■ Aim of the task:
Answer with a number only: how many lines of the entries below contain the word "Notation"?

--- START ---

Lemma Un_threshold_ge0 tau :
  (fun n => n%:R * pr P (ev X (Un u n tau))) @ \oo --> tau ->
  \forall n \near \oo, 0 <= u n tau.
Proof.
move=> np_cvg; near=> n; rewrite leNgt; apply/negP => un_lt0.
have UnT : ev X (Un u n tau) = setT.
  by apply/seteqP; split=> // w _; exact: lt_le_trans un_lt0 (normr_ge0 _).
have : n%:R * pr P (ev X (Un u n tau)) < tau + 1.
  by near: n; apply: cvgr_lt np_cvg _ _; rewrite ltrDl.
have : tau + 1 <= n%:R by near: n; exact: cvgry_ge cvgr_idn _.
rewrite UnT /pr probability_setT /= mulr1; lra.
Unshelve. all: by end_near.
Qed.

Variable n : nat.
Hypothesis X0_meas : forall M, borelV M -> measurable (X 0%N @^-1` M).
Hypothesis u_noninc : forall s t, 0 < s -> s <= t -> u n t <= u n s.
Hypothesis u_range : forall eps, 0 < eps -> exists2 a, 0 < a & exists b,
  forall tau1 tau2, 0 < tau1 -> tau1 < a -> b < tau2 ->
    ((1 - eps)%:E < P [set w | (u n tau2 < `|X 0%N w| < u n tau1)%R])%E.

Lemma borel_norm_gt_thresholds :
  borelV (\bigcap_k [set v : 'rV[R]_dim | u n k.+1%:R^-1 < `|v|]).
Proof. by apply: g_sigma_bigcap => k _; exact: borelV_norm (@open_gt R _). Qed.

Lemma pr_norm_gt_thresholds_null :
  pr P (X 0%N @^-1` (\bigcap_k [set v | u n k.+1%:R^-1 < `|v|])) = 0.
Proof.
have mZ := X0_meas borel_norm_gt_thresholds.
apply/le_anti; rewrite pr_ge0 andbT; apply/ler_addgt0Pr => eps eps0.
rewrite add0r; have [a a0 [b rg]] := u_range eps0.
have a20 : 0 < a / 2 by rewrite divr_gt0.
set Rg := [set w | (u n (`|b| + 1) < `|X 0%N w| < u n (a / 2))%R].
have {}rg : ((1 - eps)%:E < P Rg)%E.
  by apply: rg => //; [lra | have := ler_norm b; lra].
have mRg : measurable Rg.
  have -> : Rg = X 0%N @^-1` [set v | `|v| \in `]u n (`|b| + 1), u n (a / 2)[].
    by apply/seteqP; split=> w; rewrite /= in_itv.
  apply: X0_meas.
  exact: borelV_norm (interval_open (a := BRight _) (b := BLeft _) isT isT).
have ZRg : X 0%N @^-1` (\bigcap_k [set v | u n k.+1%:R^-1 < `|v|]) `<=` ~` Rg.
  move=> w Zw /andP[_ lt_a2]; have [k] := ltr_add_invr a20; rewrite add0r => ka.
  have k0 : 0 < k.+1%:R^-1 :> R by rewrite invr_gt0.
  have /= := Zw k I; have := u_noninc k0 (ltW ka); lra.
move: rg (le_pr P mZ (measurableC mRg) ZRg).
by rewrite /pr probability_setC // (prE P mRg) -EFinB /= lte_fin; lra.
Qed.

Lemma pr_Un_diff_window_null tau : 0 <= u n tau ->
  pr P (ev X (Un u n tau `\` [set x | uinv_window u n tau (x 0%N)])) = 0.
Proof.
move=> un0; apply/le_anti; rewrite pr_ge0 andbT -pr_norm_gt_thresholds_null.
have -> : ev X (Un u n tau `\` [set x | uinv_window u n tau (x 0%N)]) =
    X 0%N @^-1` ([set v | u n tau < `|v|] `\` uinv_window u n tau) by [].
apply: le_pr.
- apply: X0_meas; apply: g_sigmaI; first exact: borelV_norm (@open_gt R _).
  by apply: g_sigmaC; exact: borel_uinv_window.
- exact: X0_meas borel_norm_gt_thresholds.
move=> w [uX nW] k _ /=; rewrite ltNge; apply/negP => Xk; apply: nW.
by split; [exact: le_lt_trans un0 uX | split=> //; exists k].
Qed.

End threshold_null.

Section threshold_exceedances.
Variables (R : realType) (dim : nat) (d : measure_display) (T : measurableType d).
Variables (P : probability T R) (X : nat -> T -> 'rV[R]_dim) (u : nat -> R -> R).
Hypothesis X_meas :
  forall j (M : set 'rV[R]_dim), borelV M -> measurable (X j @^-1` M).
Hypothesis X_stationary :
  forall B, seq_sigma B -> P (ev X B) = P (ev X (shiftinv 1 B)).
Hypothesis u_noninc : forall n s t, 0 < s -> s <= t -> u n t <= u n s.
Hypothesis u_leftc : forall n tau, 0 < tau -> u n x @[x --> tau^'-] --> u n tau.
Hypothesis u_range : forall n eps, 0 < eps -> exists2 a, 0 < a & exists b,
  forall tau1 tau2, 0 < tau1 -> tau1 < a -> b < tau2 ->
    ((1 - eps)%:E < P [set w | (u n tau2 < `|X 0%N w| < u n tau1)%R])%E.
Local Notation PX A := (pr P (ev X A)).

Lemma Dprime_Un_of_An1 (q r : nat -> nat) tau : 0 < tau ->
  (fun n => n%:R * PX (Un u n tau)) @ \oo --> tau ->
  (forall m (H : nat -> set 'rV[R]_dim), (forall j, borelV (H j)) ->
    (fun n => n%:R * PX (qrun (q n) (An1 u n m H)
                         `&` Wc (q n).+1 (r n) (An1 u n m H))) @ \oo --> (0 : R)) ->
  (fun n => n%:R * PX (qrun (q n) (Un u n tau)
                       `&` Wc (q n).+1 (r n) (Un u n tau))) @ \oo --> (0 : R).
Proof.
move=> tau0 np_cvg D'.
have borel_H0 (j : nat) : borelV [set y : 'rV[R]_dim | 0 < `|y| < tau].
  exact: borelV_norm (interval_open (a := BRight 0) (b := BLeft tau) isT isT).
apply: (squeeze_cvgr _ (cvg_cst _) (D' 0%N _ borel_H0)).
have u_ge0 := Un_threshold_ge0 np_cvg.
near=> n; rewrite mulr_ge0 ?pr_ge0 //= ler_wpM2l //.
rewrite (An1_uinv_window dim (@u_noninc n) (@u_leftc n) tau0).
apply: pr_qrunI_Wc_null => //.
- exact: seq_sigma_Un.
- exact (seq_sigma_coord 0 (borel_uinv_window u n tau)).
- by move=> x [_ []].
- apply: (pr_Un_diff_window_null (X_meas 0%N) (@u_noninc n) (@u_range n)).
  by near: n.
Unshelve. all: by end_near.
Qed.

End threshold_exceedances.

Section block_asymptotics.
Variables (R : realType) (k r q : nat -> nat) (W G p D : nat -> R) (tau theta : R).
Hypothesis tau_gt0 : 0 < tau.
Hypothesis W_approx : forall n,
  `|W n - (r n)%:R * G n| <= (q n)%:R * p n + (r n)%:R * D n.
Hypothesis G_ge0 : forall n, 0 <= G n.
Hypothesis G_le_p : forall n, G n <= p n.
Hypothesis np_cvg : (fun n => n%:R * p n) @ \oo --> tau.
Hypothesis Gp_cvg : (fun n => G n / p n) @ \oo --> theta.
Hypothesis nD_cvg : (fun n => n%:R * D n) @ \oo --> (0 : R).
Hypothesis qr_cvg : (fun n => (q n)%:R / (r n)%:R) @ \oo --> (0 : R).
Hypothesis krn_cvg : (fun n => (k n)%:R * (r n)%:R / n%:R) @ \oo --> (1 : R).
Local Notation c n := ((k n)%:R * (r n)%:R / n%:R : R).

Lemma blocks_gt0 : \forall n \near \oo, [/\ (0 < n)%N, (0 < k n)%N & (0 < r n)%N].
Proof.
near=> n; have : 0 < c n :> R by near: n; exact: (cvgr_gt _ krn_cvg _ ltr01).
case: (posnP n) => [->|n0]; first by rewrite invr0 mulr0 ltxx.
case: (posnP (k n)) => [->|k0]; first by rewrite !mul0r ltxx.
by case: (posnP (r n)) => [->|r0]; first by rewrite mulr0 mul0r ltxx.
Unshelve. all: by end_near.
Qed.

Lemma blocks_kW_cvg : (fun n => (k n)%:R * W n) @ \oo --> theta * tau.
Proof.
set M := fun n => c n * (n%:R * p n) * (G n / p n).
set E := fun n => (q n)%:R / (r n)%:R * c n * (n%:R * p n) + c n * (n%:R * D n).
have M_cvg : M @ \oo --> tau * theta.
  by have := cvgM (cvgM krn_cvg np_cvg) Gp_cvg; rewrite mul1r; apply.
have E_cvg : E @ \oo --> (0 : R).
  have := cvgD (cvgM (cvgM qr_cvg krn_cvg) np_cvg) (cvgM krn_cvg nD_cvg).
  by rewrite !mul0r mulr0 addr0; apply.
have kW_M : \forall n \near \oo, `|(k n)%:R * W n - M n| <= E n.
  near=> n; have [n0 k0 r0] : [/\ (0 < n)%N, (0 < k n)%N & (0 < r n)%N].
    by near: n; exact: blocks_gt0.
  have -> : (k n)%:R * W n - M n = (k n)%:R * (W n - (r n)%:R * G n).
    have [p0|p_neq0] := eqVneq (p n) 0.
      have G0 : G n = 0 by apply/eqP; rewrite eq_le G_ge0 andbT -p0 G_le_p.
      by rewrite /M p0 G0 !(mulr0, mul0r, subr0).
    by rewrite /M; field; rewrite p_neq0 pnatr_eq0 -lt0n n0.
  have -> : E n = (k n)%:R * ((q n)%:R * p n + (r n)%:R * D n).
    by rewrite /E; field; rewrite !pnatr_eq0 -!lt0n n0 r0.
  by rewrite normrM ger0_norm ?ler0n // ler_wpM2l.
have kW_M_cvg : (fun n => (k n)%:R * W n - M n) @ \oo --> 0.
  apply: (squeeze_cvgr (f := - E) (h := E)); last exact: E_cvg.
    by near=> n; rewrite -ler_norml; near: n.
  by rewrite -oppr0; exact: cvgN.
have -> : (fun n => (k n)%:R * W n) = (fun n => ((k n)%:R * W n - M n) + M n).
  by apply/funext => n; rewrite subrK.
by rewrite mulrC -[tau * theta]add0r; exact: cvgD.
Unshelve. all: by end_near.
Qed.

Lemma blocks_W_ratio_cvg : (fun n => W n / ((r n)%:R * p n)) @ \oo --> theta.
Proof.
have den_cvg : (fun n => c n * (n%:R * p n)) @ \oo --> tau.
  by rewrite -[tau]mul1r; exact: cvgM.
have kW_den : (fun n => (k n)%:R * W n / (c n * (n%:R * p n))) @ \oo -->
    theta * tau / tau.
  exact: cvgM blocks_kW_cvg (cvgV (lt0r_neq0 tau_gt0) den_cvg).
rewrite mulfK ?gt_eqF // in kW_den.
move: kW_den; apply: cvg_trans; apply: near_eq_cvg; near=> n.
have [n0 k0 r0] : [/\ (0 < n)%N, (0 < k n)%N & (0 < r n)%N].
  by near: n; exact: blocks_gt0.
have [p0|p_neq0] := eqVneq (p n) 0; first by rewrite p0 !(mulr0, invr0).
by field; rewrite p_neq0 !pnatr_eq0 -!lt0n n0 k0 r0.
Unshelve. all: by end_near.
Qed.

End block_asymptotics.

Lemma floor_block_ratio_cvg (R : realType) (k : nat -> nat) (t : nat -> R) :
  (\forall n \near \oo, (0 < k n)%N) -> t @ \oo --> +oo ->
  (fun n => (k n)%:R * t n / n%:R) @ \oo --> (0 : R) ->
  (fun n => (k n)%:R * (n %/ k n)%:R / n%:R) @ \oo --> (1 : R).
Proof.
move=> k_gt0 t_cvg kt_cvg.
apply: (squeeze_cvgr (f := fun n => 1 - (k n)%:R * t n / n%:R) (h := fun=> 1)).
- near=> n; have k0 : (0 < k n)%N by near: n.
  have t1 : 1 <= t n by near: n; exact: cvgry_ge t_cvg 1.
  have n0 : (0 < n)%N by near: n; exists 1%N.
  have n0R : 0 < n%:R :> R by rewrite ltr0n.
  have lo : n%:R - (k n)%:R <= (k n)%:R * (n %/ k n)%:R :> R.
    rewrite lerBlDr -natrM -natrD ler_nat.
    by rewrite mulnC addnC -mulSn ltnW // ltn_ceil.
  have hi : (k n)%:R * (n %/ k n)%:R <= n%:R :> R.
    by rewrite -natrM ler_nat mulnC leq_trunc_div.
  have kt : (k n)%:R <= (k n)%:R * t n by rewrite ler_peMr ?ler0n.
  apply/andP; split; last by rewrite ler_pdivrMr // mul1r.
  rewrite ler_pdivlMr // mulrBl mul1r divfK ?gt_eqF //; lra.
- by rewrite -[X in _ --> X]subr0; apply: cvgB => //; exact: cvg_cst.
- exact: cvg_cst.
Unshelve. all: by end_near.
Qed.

--- END ---

■ Exercise response:
2